Covington & Burling LLP
The New York Times Building
620 Eighth Avenue
New York, New York 10018
(212) 841-1000
o Check the box if the filing relates solely to preliminary communications made before the commencement
of a tender offer.
This Amendment No. 6 (the Amendment) amends and supplements the
Solicitation/Recommendation Statement on Schedule 14D-9 initially filed on October 22, 2010, as
amended, by King Pharmaceuticals, Inc., a Tennessee corporation (King) (together with any
amendments and supplements thereto, the Schedule 14D-9).

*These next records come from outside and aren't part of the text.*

Lemma is_series_conv_blocks x l : is_zsum (fun y => Cmult (K y) (L (x - y)%Z)) l ->
  is_series (fun m => conv_blocks Kb Lb m x) l.
Proof.
  intros [l1 [l2 [H1 [H2 ->]]]]. set (P := fun y => Cmult (K y) (L (x - y)%Z)).
  assert (Hr := inv_sqrt2_bounds). assert (HG := tail_const_pos).
  set (Cd := 2 * DK * DL * tail_const ^ 2).
  assert (HCd : 0 < Cd).
  { assert (0 < DK * DL) by (apply Rmult_lt_0_compat; lra).
    assert (0 < tail_const ^ 2) by (apply pow_lt; lra).
    unfold Cd. replace (2 * DK * DL * tail_const ^ 2) with (2 * (DK * DL) * tail_const ^ 2) by ring.
    apply Rmult_lt_0_compat; lra. }
  apply filterlim_C_Cmod. intros eps Heps.
  destruct (proj1 (filterlim_C_Cmod _ _) H1 (eps / 4)) as [N1 HN1]; [lra|].
  destruct (proj1 (filterlim_C_Cmod _ _) H2 (eps / 4)) as [N2 HN2]; [lra|].
  destruct (pow_lt_1_zero inv_sqrt2 ltac:(rewrite Rabs_right; lra) (eps / (2 * Cd))) as [n0 Hn0].
  { apply Rdiv_lt_0_compat; lra. }
  exists n0. intros n Hn.
  set (N := Nat.max (Nat.max N1 N2) (2 ^ n + Z.abs_nat x)).
  assert (Happrox := Cmod_sum_conv_blocks_sub_le x n N ltac:(unfold N; lia)). fold P Cd in Happrox.
  assert (Hpos := HN1 N ltac:(unfold N; lia)). assert (Hneg := HN2 N ltac:(unfold N; lia)).
  match type of Hpos with context [Cminus ?s _] =>
    replace s with (wsumC 0 (S N) P) in Hpos by (symmetry; apply (sum_n_nonneg_wsumC P)) end.
  match type of Hneg with context [Cminus ?s _] =>
    replace s with (wsumC (- Z.of_nat (S N)) (S N) P) in Hneg
      by (symmetry; apply (sum_n_neg_wsumC P)) end.
  assert (Hsmall : Cd * inv_sqrt2 ^ n < eps / 2).
  { assert (H := Hn0 n Hn). rewrite Rabs_right in H by (apply Rle_ge, pow_le; lra).
    apply Rmult_lt_compat_l with (r := Cd) in H; auto.
    replace (Cd * (eps / (2 * Cd))) with (eps / 2) in H by (field; lra). lra. }
  set (Sn := wsumC (- Z.of_nat (S N)) (S N) P) in *. set (Sp := wsumC 0 (S N) P) in *.
  match goal with |- Cmod (Cminus ?t _) < _ => set (T := t) end.
  change (Cmod (Cminus T (Cplus Sn Sp)) <= Cd * inv_sqrt2 ^ n) in Happrox.
  replace (Cminus T (Cplus l1 l2)) with
    (Cplus (Cminus T (Cplus Sn Sp)) (Cplus (Cminus Sn l2) (Cminus Sp l1))) by ring.
  assert (H5 := Cmod_triangle (Cminus Sn l2) (Cminus Sp l1)).
  eapply Rle_lt_trans; [apply Cmod_triangle|]. lra.
Qed.

End ConvSeries.

Lemma CZblock_conv_blocks w Kb Lb DK DL : 0 < w -> 0 < DK -> 0 < DL ->
  (forall i, CZblock w (Kb i) i DK) -> (forall i, CZblock w (Lb i) i DL) ->
  forall m, CZblock w (conv_blocks Kb Lb m) m (conv_const w * DK * DL).
Proof.
  intros Hw HDK HDL BK BL [|k].
  - apply CZblock_zero. assert (H := conv_const_pos w Hw).
    apply Rmult_lt_0_compat; [apply Rmult_lt_0_compat|]; auto.
  - apply CZblock_conv_block; auto.
Qed.

Lemma conv_blocks_below w Kb Lb DK DL j K L : CZrep w j Kb DK K -> CZrep w j Lb DL L ->
  forall m, (m < j)%nat -> forall x, conv_blocks Kb Lb m x = 0%C.
Proof.
  intros [_ [ZK _]] [_ [ZL _]] [|k] Hk x; [auto|]. cbn [conv_blocks]. unfold conv_block.
  rewrite (conv_on_eq0 _ _ (Lb k)), (conv_on_eq0 _ _ (Kb k)) by (intros; apply ZK || apply ZL; lia).
  ring.
Qed.

Lemma conv_rep w j K L Kb Lb DK DL : 0 < w -> 0 < DK -> 0 < DL ->
  CZrep w j Kb DK K -> CZrep w j Lb DL L ->
  exists M, is_conv K L M /\ CZrep w j (conv_blocks Kb Lb) (conv_const w * DK * DL) M.
Proof.
  intros Hw HDK HDL RK RL.
  destruct (choice _ (is_zsum_conv_ex w DK DL j Kb Lb K L HDK HDL RK RL)) as [M HM].
  exists M. split; [exact HM|]. split; [|split].
  - destruct RK as [BK _], RL as [BL _]. apply CZblock_conv_blocks; auto.
  - apply (conv_blocks_below w Kb Lb DK DL j K L RK RL).
  - intros x. apply (is_series_conv_blocks w DK DL j Kb Lb K L); auto.
Qed.

Lemma is_conv_unique K L M M' : is_conv K L M -> is_conv K L M' -> M = M'.
Proof.
  intros H H'. apply functional_extensionality. intros x.
  destruct (H x) as [a1 [a2 [A1 [A2 ->]]]], (H' x) as [b1 [b2 [B1 [B2 ->]]]].
  f_equal; [exact (filterlim_locally_unique _ _ _ A1 B1)
          | exact (filterlim_locally_unique _ _ _ A2 B2)].
Qed.

Lemma Glb_Rbar_pos_finite (E : R -> Prop) : (exists x, E x) -> (forall x, E x -> 0 < x) ->
  exists a, Glb_Rbar E = Finite a /\ 0 <= a /\ (forall x, E x -> a <= x) /\
            forall b, (forall x, E x -> b <= x) -> b <= a.
Proof.
  intros [x0 Hx0] Hpos. destruct (Glb_Rbar_correct E) as [lb glb].
  assert (Hup := lb x0 Hx0).
  assert (Hlow : Rbar_le (Finite 0) (Glb_Rbar E)) by (apply glb; intros x Hx; left; apply Hpos; auto).
  destruct (Glb_Rbar E) as [a| |]; simpl in Hup, Hlow; try contradiction.
  exists a. split; [auto | split; [auto | split]].
  - intros x Hx. exact (lb x Hx).
  - intros b Hb. apply (glb (Finite b)). intros x Hx. apply Hb; auto.
Qed.

(* [glb G <= c x y] for all [x in E], [y in F] passes to the infima one variable at a time. *)
Lemma Glb_Rbar_scaled_product_le (E F G : R -> Prop) c : 0 < c ->
  (exists x, E x) -> (forall x, E x -> 0 < x) ->
  (exists y, F y) -> (forall y, F y -> 0 < y) ->
  (exists z, G z) -> (forall z, G z -> 0 < z) ->
  (forall x y, E x -> F y -> G (c * x * y)) ->
  Rbar_le (Glb_Rbar G) (Rbar_mult (Finite c) (Rbar_mult (Glb_Rbar E) (Glb_Rbar F))).
Proof.
  intros Hc HEne HE HFne HF HGne HG HEFG.
  destruct (Glb_Rbar_pos_finite E HEne HE) as [a [-> [Ha [_ glbE]]]].
  destruct (Glb_Rbar_pos_finite F HFne HF) as [b [-> [Hb [_ glbF]]]].
  destruct (Glb_Rbar_pos_finite G HGne HG) as [g [-> [_ [lbG _]]]].
  simpl.
  assert (Hx : forall x, E x -> g <= c * b * x).
  { intros x Hx. assert (Hx0 := HE x Hx).
    assert (Hcx : 0 < c * x) by (apply Rmult_lt_0_compat; auto).
    assert (g / (c * x) <= b).
    { apply glbF. intros y Hy. apply Rmult_le_reg_l with (c * x); auto.
      replace (c * x * (g / (c * x))) with g by (field; lra). apply lbG, HEFG; auto. }
    replace g with (c * x * (g / (c * x))) by (field; lra). nra. }
  destruct (Req_dec b 0) as [->|Hb0].
  - destruct HEne as [x Hx0]. specialize (Hx x Hx0). rewrite Rmult_0_r, Rmult_0_l in Hx.
    rewrite Rmult_0_r, Rmult_0_r. auto.
  - assert (Hcb : 0 < c * b) by (apply Rmult_lt_0_compat; lra).
    assert (g / (c * b) <= a).
    { apply glbE. intros x Hx'. apply Rmult_le_reg_l with (c * b); auto.
      replace (c * b * (g / (c * b))) with g by (field; lra). auto. }
    replace g with (c * b * (g / (c * b))) by (field; lra). nra.
Qed.

Lemma CZrep_weaken w j Kb D K : CZrep w j Kb D K -> CZrep w 0 Kb D K.
Proof. intros [HB [_ HS]]. split; [|split]; auto. intros; lia. Qed.

Theorem lemma2p1 (w : R) (Hw : 0 < w) :
  exists Cst : R, 0 < Cst /\
  forall (j : nat) (K L : Z -> C) (Kb Lb : nat -> Z -> C) (DK DL : R),
    0 < DK -> 0 < DL ->
    CZrep w j Kb DK K -> CZrep w j Lb DL L ->
    exists M : Z -> C,
      is_conv K L M /\
      (exists Mb : nat -> Z -> C, CZrep w j Mb (Cst * DK * DL) M) /\
      Rbar_le (CZnorm w M)
              (Rbar_mult (Finite Cst) (Rbar_mult (CZnorm w K) (CZnorm w L))).
Proof.
  assert (Hc := conv_const_pos w Hw).
  exists (conv_const w). split; [exact Hc|].
  intros j K L Kb Lb DK DL HDK HDL RK RL.
  destruct (conv_rep w j K L Kb Lb DK DL Hw HDK HDL RK RL) as [M [HM RM]].
  exists M. split; [exact HM | split; [eauto|]].
  assert (Hprod : forall DK' DL', 0 < DK' -> 0 < DL' -> 0 < conv_const w * DK' * DL')
    by (intros; apply Rmult_lt_0_compat; [apply Rmult_lt_0_compat|]; auto).
  assert (Hpos : forall (f : Z -> C) D, (0 < D /\ exists Fb, CZrep w 0 Fb D f) -> 0 < D)
    by (intros f D [HD _]; exact HD).
  apply Glb_Rbar_scaled_product_le; [exact Hc | | apply Hpos | | apply Hpos | | apply Hpos |].
  - exists DK. split; [exact HDK | exists Kb; eapply CZrep_weaken, RK].
  - exists DL. split; [exact HDL | exists Lb; eapply CZrep_weaken, RL].
  - exists (conv_const w * DK * DL).
    split; [auto | exists (conv_blocks Kb Lb); eapply CZrep_weaken, RM].
  - intros DK' DL' [HDK' [Kb' RK']] [HDL' [Lb' RL']].
    destruct (conv_rep w 0 K L Kb' Lb' DK' DL' Hw HDK' HDL' RK' RL') as [M' [HM' RM']].
    rewrite (is_conv_unique K L M M' HM HM').
    split; [auto | exists (conv_blocks Kb' Lb'); exact RM'].
Qed.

The Schedule 14D-9 relates to
the tender offer by Parker Tennessee Corp. (Acquisition Sub), a Tennessee corporation and
wholly owned subsidiary of Pfizer Inc., a Delaware corporation (Pfizer), pursuant to
which Acquisition Sub has offered to purchase all of the outstanding shares of common stock, no par
value per share, of King (the Shares) at a price of $14.25 per Share, net to the selling
shareholder in cash, without interest and less any required withholding taxes, upon the terms and
conditions set forth in the Offer to Purchase dated October 22, 2010 and the related Letter of
Transmittal, and described in the Tender Offer Statement on Schedule TO filed by Pfizer and
Acquisition Sub with the Securities and Exchange Commission (the SEC) on October 22,
2010, as amended.
Except as otherwise set forth below, the information set forth in the Schedule 14D-9 remains
unchanged and is incorporated herein by reference as relevant to the items in this Amendment.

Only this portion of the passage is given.